Some example usage. A simple idempotent problem

X,Y,Z,A,B,C = Vars("X Y Z A B C")
f = Function("f")

db = ProofDB()

print(f"{f(f(X)) == f(X)=}")
print(f"{type(f(f(X)))=}")
involute_f = db.assume(f(f(X)) == f(X))
print(f"{involute_f=}")
print(all(list(isinstance(h, Theorem) for h in [involute_f])))
thm1 = db.infer([involute_f] , f(f(f(f(X)))) == f(X))
#thm2 = db.infer([involute_f],  f(X) == X)

f(f(X)) == f(X)=f(f(X)) = f(X)
type(f(f(X)))=<class '__main__.Fn'>
involute_f=Theorem([] |- [f(f(X)) = f(X)])
True

Two simple theorems of group theory

mul = Function("mul")
inv = Function("inv")
e = Const("e")

db = ProofDB()
right_inv = db.assume(mul(X, inv(X)) == e)
right_id = db.assume(mul(X, e) == X)
assoc = db.assume(mul(mul(X, Y), Z) == mul(X, mul(Y, Z)))

group_ax = [right_inv, right_id, assoc]

left_inv = db.infer(group_ax, mul(inv(X), X) == e)
left_id = db.infer(group_ax, mul(e, X) == X)
#comm = db.infer(group_ax, mul(X, Y) == mul(Y, X))
print(left_inv, left_id)

Theorem([] |- [mul(inv(X), X) = e()]) Theorem([] |- [mul(e(), X) = X])

Bits and Bobbles

Next I probably want the typed form of tptp supported and it is especially appealing to use thf which supports lambdas.

I intend to match the base formalism of my system to what the automated solvers offer. This hopefully avoids some impedance mismatch that occurs in sledgehammer systems.

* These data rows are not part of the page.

(* Let $H\in\mathbb{R}^{n\times n}$ be symmetric with $\lambda_{\min}(H)<0$ and unit eigenvector $v_1$ for $\lambda_{\min}(H)$, let $g\in\mathbb{R}^n$ with $g^\intercal v_1\neq0$, let $f(z)=\frac12z^\intercal Hz+g^\intercal z$ and $\beta=\|H\|_{\mathrm{op}}$. Let $0<\eta<1/\beta$ and $z_0=-\alpha\frac{g}{\|g\|}$ with $0<\alpha<\min\big(1,\frac{\|g\|^3}{|g^\intercal Hg|}\big)$, and let $z_{t+1}=z_t-\eta\nabla f(z_t)$. Then, as long as the iterates remain in the region $\|z_t\|<1$ (where the projected/proximal gradient step onto the unit ball coincides with this plain gradient step), $\|z_t\|$ is monotonically nondecreasing in $t$.
   Context: $\nabla f(z)=Hz+g$; $\|H\|_{\mathrm{op}}$ is the operator norm. *)

From HB Require Import structures.
From mathcomp Require Import all_boot all_order all_algebra.
From mathcomp Require Import classical_sets reals.
Set Implicit Arguments. Unset Strict Implicit. Unset Printing Implicit Defensive.
Import Order.TTheory GRing.Theory Num.Theory.
Local Open Scope ring_scope.

Definition vnorm (R : realType) (n : nat) (v : 'cV[R]_n) : R :=
  Num.sqrt (\sum_(i < n) v i 0 ^+ 2).

Definition dotv (R : realType) (n : nat) (u v : 'cV[R]_n) : R :=
  (u^T *m v) 0 0.

Definition opnorm (R : realType) (n : nat) (H : 'M[R]_n) : R :=
  reals.sup [set r : R | exists x : 'cV[R]_n, vnorm x = 1 /\ r = vnorm (H *m x)]%classic.

Definition is_lambda_min (R : realType) (n : nat) (H : 'M[R]_n) (lam : R) : Prop :=
  eigenvalue H lam /\ forall mu : R, eigenvalue H mu -> lam <= mu.

Definition quad_f (R : realType) (n : nat) (H : 'M[R]_n) (g z : 'cV[R]_n) : R :=
  2^-1 * dotv z (H *m z) + dotv g z.

Definition grad_f (R : realType) (n : nat) (H : 'M[R]_n) (g z : 'cV[R]_n) : 'cV[R]_n :=
  H *m z + g.

(* Let c = alpha / |g|, so that z_0 = -c g, and write S_a = I - a H
   ([gdmx H a]) for the matrix of a gradient step of size a; then
   z_{t+1} = S_eta z_t - eta g, and S_eta is positive semidefinite because
   eta |H|_op < 1.  The increments are
   u_t = z_{t+1} - z_t = -eta S_eta^t S_c g, and since
   |z_{t+1}|^2 = |z_t|^2 + 2 <z_t, u_t> + |u_t|^2 it suffices to show
   <z_t, u_t> >= 0.  All powers of S_eta are positive semidefinite, hence along
   any orbit y_{t+1} = S_eta y_t - eta x with y_0 = -c x we get
   <y_t, S_eta^a x> <= 0 for every a.  If c <= eta, S_c is a nonnegative
   combination of I and S_eta, and this applies to y = z, x = g.  If c > eta,
   S_eta is a nonnegative combination of I and S_c, and an induction on t
   applies it to y = S_c z, x = S_c g; the base case is
   <g, S_c g> = |g|^2 - c <g, H g> > 0, which is the assumption on alpha. *)

From HB Require Import structures.
From mathcomp Require Import all_boot all_order all_algebra.
From mathcomp Require Import boolp classical_sets reals.
From mathcomp Require Import lra.
Import Order.TTheory GRing.Theory Num.Theory.
Local Open Scope ring_scope.

Section InnerProduct.
Context {R : realType} {n : nat}.
Implicit Types (u v w : 'cV[R]_n) (M : 'M[R]_n).

Lemma dotvE u v : dotv u v = \sum_i u i 0 * v i 0.
Proof. by rewrite /dotv !mxE; apply: eq_bigr => i _; rewrite !mxE. Qed.

Lemma dotvC u v : dotv u v = dotv v u.
Proof. by rewrite !dotvE; apply: eq_bigr => i _; rewrite mulrC. Qed.

Lemma dotvDr u v w : dotv u (v + w) = dotv u v + dotv u w.
Proof. by rewrite !dotvE -big_split; apply: eq_bigr => i _; rewrite !mxE mulrDr. Qed.

Lemma dotvZr k u v : dotv u (k *: v) = k * dotv u v.
Proof. by rewrite !dotvE mulr_sumr; apply: eq_bigr => i _; rewrite !mxE mulrCA. Qed.

Lemma dotvNr u v : dotv u (- v) = - dotv u v.
Proof. by rewrite -scaleN1r dotvZr mulN1r. Qed.

Lemma dotvBr u v w : dotv u (v - w) = dotv u v - dotv u w.
Proof. by rewrite dotvDr dotvNr. Qed.

Lemma dotvDl u v w : dotv (u + v) w = dotv u w + dotv v w.
Proof. by rewrite dotvC dotvDr !(dotvC w). Qed.

Lemma dotvZl k u v : dotv (k *: u) v = k * dotv u v.
Proof. by rewrite dotvC dotvZr dotvC. Qed.

Lemma dotvNl u v : dotv (- u) v = - dotv u v.
Proof. by rewrite dotvC dotvNr dotvC. Qed.

Lemma dotvBl u v w : dotv (u - v) w = dotv u w - dotv v w.
Proof. by rewrite dotvDl dotvNl. Qed.

Lemma dotv_mulmxl M u v : dotv (M *m u) v = dotv u (M^T *m v).
Proof. by rewrite /dotv trmx_mul mulmxA. Qed.

Lemma dotv_mulmxr M u v : dotv u (M *m v) = dotv (M^T *m u) v.
Proof. by rewrite dotvC dotv_mulmxl dotvC. Qed.

Lemma dotvv_ge0 u : 0 <= dotv u u.
Proof. by rewrite dotvE sumr_ge0 // => i _; rewrite -expr2 sqr_ge0. Qed.

Lemma dotvv_eq0 u : (dotv u u == 0) = (u == 0).
Proof.
apply/eqP/eqP => [|->]; last by rewrite dotvE big1 // => i _; rewrite mxE mul0r.
rewrite dotvE => /psumr_eq0P u0; apply/matrixP => i j; rewrite (ord1 j) mxE.
by apply/eqP; rewrite -sqrf_eq0 expr2 u0 // => k _; rewrite -expr2 sqr_ge0.
Qed.

Lemma vnormE u : vnorm u = Num.sqrt (dotv u u).
Proof. by rewrite /vnorm dotvE; congr Num.sqrt; apply: eq_bigr => i _; rewrite expr2. Qed.

Lemma vnorm_ge0 u : 0 <= vnorm u.
Proof. exact: sqrtr_ge0. Qed.

Lemma sqr_vnorm u : vnorm u ^+ 2 = dotv u u.
Proof. by rewrite vnormE sqr_sqrtr ?dotvv_ge0. Qed.

Lemma vnorm_eq0 u : (vnorm u == 0) = (u == 0).
Proof. by rewrite vnormE sqrtr_eq0 le_eqVlt ltNge dotvv_ge0 orbF dotvv_eq0. Qed.

Lemma vnorm0 : vnorm (0 : 'cV[R]_n) = 0.
Proof. by apply/eqP; rewrite vnorm_eq0. Qed.

Lemma vnormZ k u : vnorm (k *: u) = `|k| * vnorm u.
Proof. by rewrite !vnormE dotvZl dotvZr mulrA -expr2 sqrtrM ?sqr_ge0 // sqrtr_sqr. Qed.

Lemma vnorm_le_dotv u v : 0 <= dotv u (v - u) -> vnorm u <= vnorm v.
Proof.
move=> uvu; have -> : v = u + (v - u) by rewrite addrC subrK.
move: (v - u) uvu => d ud; have dd := dotvv_ge0 d.
by rewrite !vnormE ler_sqrt ?dotvv_ge0 // dotvDl !dotvDr (dotvC d u); lra.
Qed.

End InnerProduct.

Section OperatorNorm.
Context {R : realType} {n : nat} {M : 'M[R]_n}.
(* Spares proving that the set defining [opnorm M] is bounded: [sup] is 0 on
   sets without supremum. *)
Hypothesis opnorm_gt0 : 0 < opnorm M.

Lemma vnorm_mulmx_le x : vnorm (M *m x) <= opnorm M * vnorm x.
Proof.
have [->|x0] := eqVneq x 0; first by rewrite mulmx0 vnorm0 mulr0.
have nx_gt0 : 0 < vnorm x by rewrite lt_def vnorm_eq0 x0 vnorm_ge0.
pose S := [set r | exists y : 'cV[R]_n, vnorm y = 1 /\ r = vnorm (M *m y)]%classic.
have [supS|/sup_out S0] := pselect (has_sup S); last first.
  by move: opnorm_gt0; rewrite /opnorm -/S S0 ltxx.
have x1 : vnorm ((vnorm x)^-1 *: x) = 1.
  by rewrite vnormZ ger0_norm ?invr_ge0 ?vnorm_ge0 // mulVf ?gt_eqF.
have := sup_upper_bound supS (ex_intro _ _ (conj x1 erefl)).
by rewrite -/(opnorm M) -scalemxAr vnormZ ger0_norm ?invr_ge0 ?vnorm_ge0 // mulrC ler_pdivrMr.
Qed.

Lemma dotv_mulmx_le y : dotv y (M *m y) <= opnorm M * dotv y y.
Proof.
have := dotvv_ge0 (opnorm M *: y - M *m y).
have : dotv (M *m y) (M *m y) <= opnorm M ^+ 2 * dotv y y.
  rewrite -!sqr_vnorm -exprMn ler_pXn2r ?nnegrE ?vnorm_ge0 ?vnorm_mulmx_le //.
  by rewrite mulr_ge0 ?vnorm_ge0 ?ltW.
rewrite !(dotvBl, dotvBr, dotvZl, dotvZr) (dotvC (M *m y)) => MyMy yMy.
have : 2 * opnorm M * dotv y (M *m y) <= 2 * opnorm M * (opnorm M * dotv y y) by nra.
by rewrite ler_pM2l ?mulr_gt0.
Qed.

End OperatorNorm.

Section PositiveSemidefinite.
Context {R : realType} {n : nat}.
Implicit Types (M : 'M[R]_n) (x : 'cV[R]_n).

Definition psdmx M := forall x, 0 <= dotv x (M *m x).

Lemma psdmx_exp M k : M^T = M -> psdmx M -> psdmx (M ^+ k).
Proof.
move=> MT Mpsd; elim/ltn_ind: k => -[_ x|[_ x|k IH x]].
- by rewrite expr0 mul1mx dotvv_ge0.
- by rewrite expr1.
have -> : M ^+ k.+2 *m x = M *m (M ^+ k *m (M *m x)).
  by rewrite !mulmxA !mulmxE -exprS -exprSr.
by rewrite dotv_mulmxr MT IH.
Qed.

Lemma affine_orbit_dotv_le0 {M x} {c e : R} {y : nat -> 'cV[R]_n} :
  M^T = M -> psdmx M -> 0 <= c -> 0 <= e ->
  y 0%N = - c *: x -> (forall t, y t.+1 = M *m y t - e *: x) ->
  forall t a, dotv (y t) (M ^+ a *m x) <= 0.
Proof.
move=> MT Mpsd c_ge0 e_ge0 y0 yS; elim=> [|t IH] a.
  by rewrite y0 dotvZl mulNr oppr_le0 mulr_ge0 ?psdmx_exp.
rewrite yS dotvBl dotvZl dotv_mulmxl MT mulmxA mulmxE -exprS.
by rewrite subr_le0 (le_trans (IH a.+1)) ?mulr_ge0 ?psdmx_exp.
Qed.

End PositiveSemidefinite.

Section GradientMatrix.
Context {R : realType} {n : nat} (H : 'M[R]_n).

Definition gdmx (a : R) : 'M[R]_n := 1%:M - a *: H.

Lemma trmx_gdmx a : H^T = H -> (gdmx a)^T = gdmx a.
Proof. by move=> HT; rewrite /gdmx linearB /= trmx1 linearZ /= HT. Qed.

Lemma gdmx_rescale a b : a != 0 -> gdmx b = (1 - b / a)%:M + (b / a) *: gdmx a.
Proof.
move=> a0; rewrite /gdmx scalerBr scalerA mulfVK // scalemx1 addrA.
by rewrite -raddfD /= subrK.
Qed.

Lemma gdmxC a b : gdmx a *m gdmx b = gdmx b *m gdmx a.
Proof.
rewrite /gdmx !mulmxBl !mulmxBr !mul1mx !mulmx1 -!scalemxAl -!scalemxAr !scalerA.
rewrite mulrC !opprB !addrA; set X := _ *: (H *m H).
by rewrite !(addrAC _ X) (addrAC 1%:M).
Qed.

Lemma grad_step g a z : z - a *: grad_f H g z = gdmx a *m z - a *: g.
Proof. by rewrite /grad_f /gdmx mulmxBl mul1mx -scalemxAl scalerDr opprD addrA. Qed.

Lemma psdmx_gdmx a : 0 < opnorm H -> 0 <= a -> a * opnorm H <= 1 -> psdmx (gdmx a).
Proof.
move=> H_gt0 a_ge0 aH_le1 x.
rewrite mulmxBl mul1mx -scalemxAl dotvBr dotvZr.
have := dotv_mulmx_le H_gt0 x; have := dotvv_ge0 x.
nra.
Qed.

End GradientMatrix.

Section GradientIteration.
Context {R : realType} {n : nat} {H : 'M[R]_n} {g : 'cV[R]_n} {eta c : R}.
Context {z : nat -> 'cV[R]_n}.
Hypotheses (HT : H^T = H) (A_psd : psdmx (gdmx H eta)).
Hypotheses (eta_gt0 : 0 < eta) (c_gt0 : 0 < c).
Hypothesis z0 : z 0%N = - c *: g.
Hypothesis zS : forall t, z t.+1 = z t - eta *: grad_f H g (z t).

Local Notation A := (gdmx H eta).
Local Notation D := (gdmx H c).

Lemma iter_step t : z t.+1 = A *m z t - eta *: g.
Proof. by rewrite zS grad_step. Qed.

Lemma iter_increment t : z t.+1 - z t = - eta *: (A ^+ t *m (D *m g)).
Proof.
elim: t => [|t IH].
  rewrite zS addrAC subrr add0r expr0 mul1mx /grad_f z0 -scalemxAr scaleNr.
  by rewrite /gdmx mulmxBl mul1mx -scalemxAl addrC scaleNr.
rewrite exprS -mulmxA scalemxAr -IH mulmxBr [z t.+2]iter_step (iter_step t).
by rewrite opprB addrA subrK.
Qed.

Lemma dotv_increment_ge0_small_c t : c <= eta -> 0 <= dotv (z t) (z t.+1 - z t).
Proof.
move=> c_le_eta.
have zA a := affine_orbit_dotv_le0 (trmx_gdmx _ _ HT) A_psd (ltW c_gt0) (ltW eta_gt0)
  z0 iter_step t a.
rewrite iter_increment (gdmx_rescale H eta c (lt0r_neq0 eta_gt0)) mulmxDl mul_scalar_mx.
rewrite -scalemxAl mulmxDr -!scalemxAr mulmxA mulmxE -exprSr.
rewrite dotvZr mulNr oppr_ge0 pmulr_rle0 // dotvDr !dotvZr.
rewrite -oppr_ge0 opprD addr_ge0 // -mulrN mulr_ge0 ?oppr_ge0 //.
- by rewrite subr_ge0 ler_pdivrMr ?mul1r.
- by rewrite divr_ge0 ?ltW.
Qed.

Lemma dotv_increment_ge0_large_c t : eta < c -> c * dotv g (H *m g) < dotv g g ->
  0 <= dotv (z t) (z t.+1 - z t).
Proof.
move=> eta_lt_c gDg.
have DzS s : D *m z s.+1 = A *m (D *m z s) - eta *: (D *m g).
  by rewrite iter_step mulmxBr mulmxA gdmxC -mulmxA -scalemxAr.
have Dz0 : D *m z 0%N = - c *: (D *m g) by rewrite z0 scalemxAr.
have DzA a s := affine_orbit_dotv_le0 (y := fun s => D *m z s) (trmx_gdmx _ _ HT) A_psd
  (ltW c_gt0) (ltW eta_gt0) Dz0 DzS s a.
elim: t => [|t IH].
  rewrite iter_increment expr0 mul1mx z0 dotvZl dotvZr mulrA mulrNN.
  rewrite /gdmx mulmxBl mul1mx -scalemxAl dotvBr dotvZr.
  by rewrite mulr_ge0 ?mulr_ge0 ?subr_ge0 ?ltW.
have uS : z t.+2 - z t.+1 = A *m (z t.+1 - z t).
  by rewrite !iter_increment exprS -mulmxA scalemxAr.
rewrite uS; set u := z t.+1 - z t.
have -> : z t.+1 = z t + u by rewrite /u addrC subrK.
rewrite dotvDl addr_ge0 ?A_psd // (gdmx_rescale H c eta (lt0r_neq0 c_gt0)).
rewrite mulmxDl mul_scalar_mx -scalemxAl dotvDr !dotvZr addr_ge0 // mulr_ge0 //.
- by rewrite subr_ge0 ler_pdivrMr ?mul1r ?ltW.
- by rewrite divr_ge0 ?ltW.
rewrite dotv_mulmxr trmx_gdmx // /u iter_increment dotvZr mulNr oppr_ge0.
by rewrite pmulr_rle0 // DzA.
Qed.

Lemma dotv_increment_ge0 t : c * dotv g (H *m g) < dotv g g ->
  0 <= dotv (z t) (z t.+1 - z t).
Proof.
move=> gDg; have [c_le_eta|eta_lt_c] := lerP c eta.
  exact: dotv_increment_ge0_small_c.
exact: dotv_increment_ge0_large_c.
Qed.

End GradientIteration.

Theorem mainTheorem5 (R : realType) (n : nat) (H : 'M[R]_n) (g v1 : 'cV[R]_n)
    (lam eta alpha : R) (z : nat -> 'cV[R]_n) :
  H^T = H ->
  is_lambda_min H lam -> lam < 0 ->
  H *m v1 = lam *: v1 -> vnorm v1 = 1 ->
  dotv g v1 != 0 ->
  0 < eta -> eta < 1 / opnorm H ->
  0 < alpha -> alpha < 1 -> alpha * `|dotv g (H *m g)| < vnorm g ^+ 3 ->
  z 0%N = - (alpha / vnorm g) *: g ->
  (forall t : nat, z t.+1 = z t - eta *: grad_f H g (z t)) ->
  forall T : nat, (forall t : nat, (t <= T)%N -> vnorm (z t) < 1) ->
  forall t : nat, (t < T)%N -> vnorm (z t) <= vnorm (z t.+1).
Proof.
move=> HT _ _ _ _ _ eta_gt0 eta_lt alpha_gt0 _ alpha_bound z0 zS _ _ t _.
have H_gt0 : 0 < opnorm H by rewrite -invr_gt0 -div1r (lt_trans eta_gt0).
have A_psd : psdmx (gdmx H eta).
  apply: psdmx_gdmx => //; first exact: ltW.
  by rewrite -ler_pdivlMr // ltW.
have g_gt0 : 0 < vnorm g.
  rewrite lt_def vnorm_ge0 andbT; apply: contraTneq alpha_bound => ->.
  by rewrite expr0n /= -leNgt mulr_ge0 // ltW.
have gDg : alpha / vnorm g * dotv g (H *m g) < dotv g g.
  apply: (le_lt_trans (y := alpha / vnorm g * `|dotv g (H *m g)|)).
    by rewrite ler_wpM2l ?divr_ge0 ?real_ler_norm ?num_real // ltW.
  by rewrite mulrAC ltr_pdivrMr // -sqr_vnorm -exprSr.
apply: vnorm_le_dotv (dotv_increment_ge0 HT A_psd eta_gt0 _ z0 zS t gDg).
by rewrite divr_gt0.
Qed.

I find it a very interesting perspective to not consider these automated theorem provers as classical first order predicate logic reasoning, but instead as operating at various levels of metalogic. The resolution rule is itself constructing partial proof trees. Each clause is a sequent judgement. Perhaps this has something to do with multiple conclusion logic https://en.wikipedia.org/wiki/Multiple-conclusion_logic

That there isn’t a good library already in python for unification, lambda evaluation, term indexing is somewhat mysterious to me.

I wonder if I’m inching towards just building python versions of everything. Unification, simple resolution provers. We’ll see. It’s nice to have that stuff in the library if I do.

I probably also should just make dataclasses for special logical formula constructos like ForAll, Exists, And, Or, Implies, etc.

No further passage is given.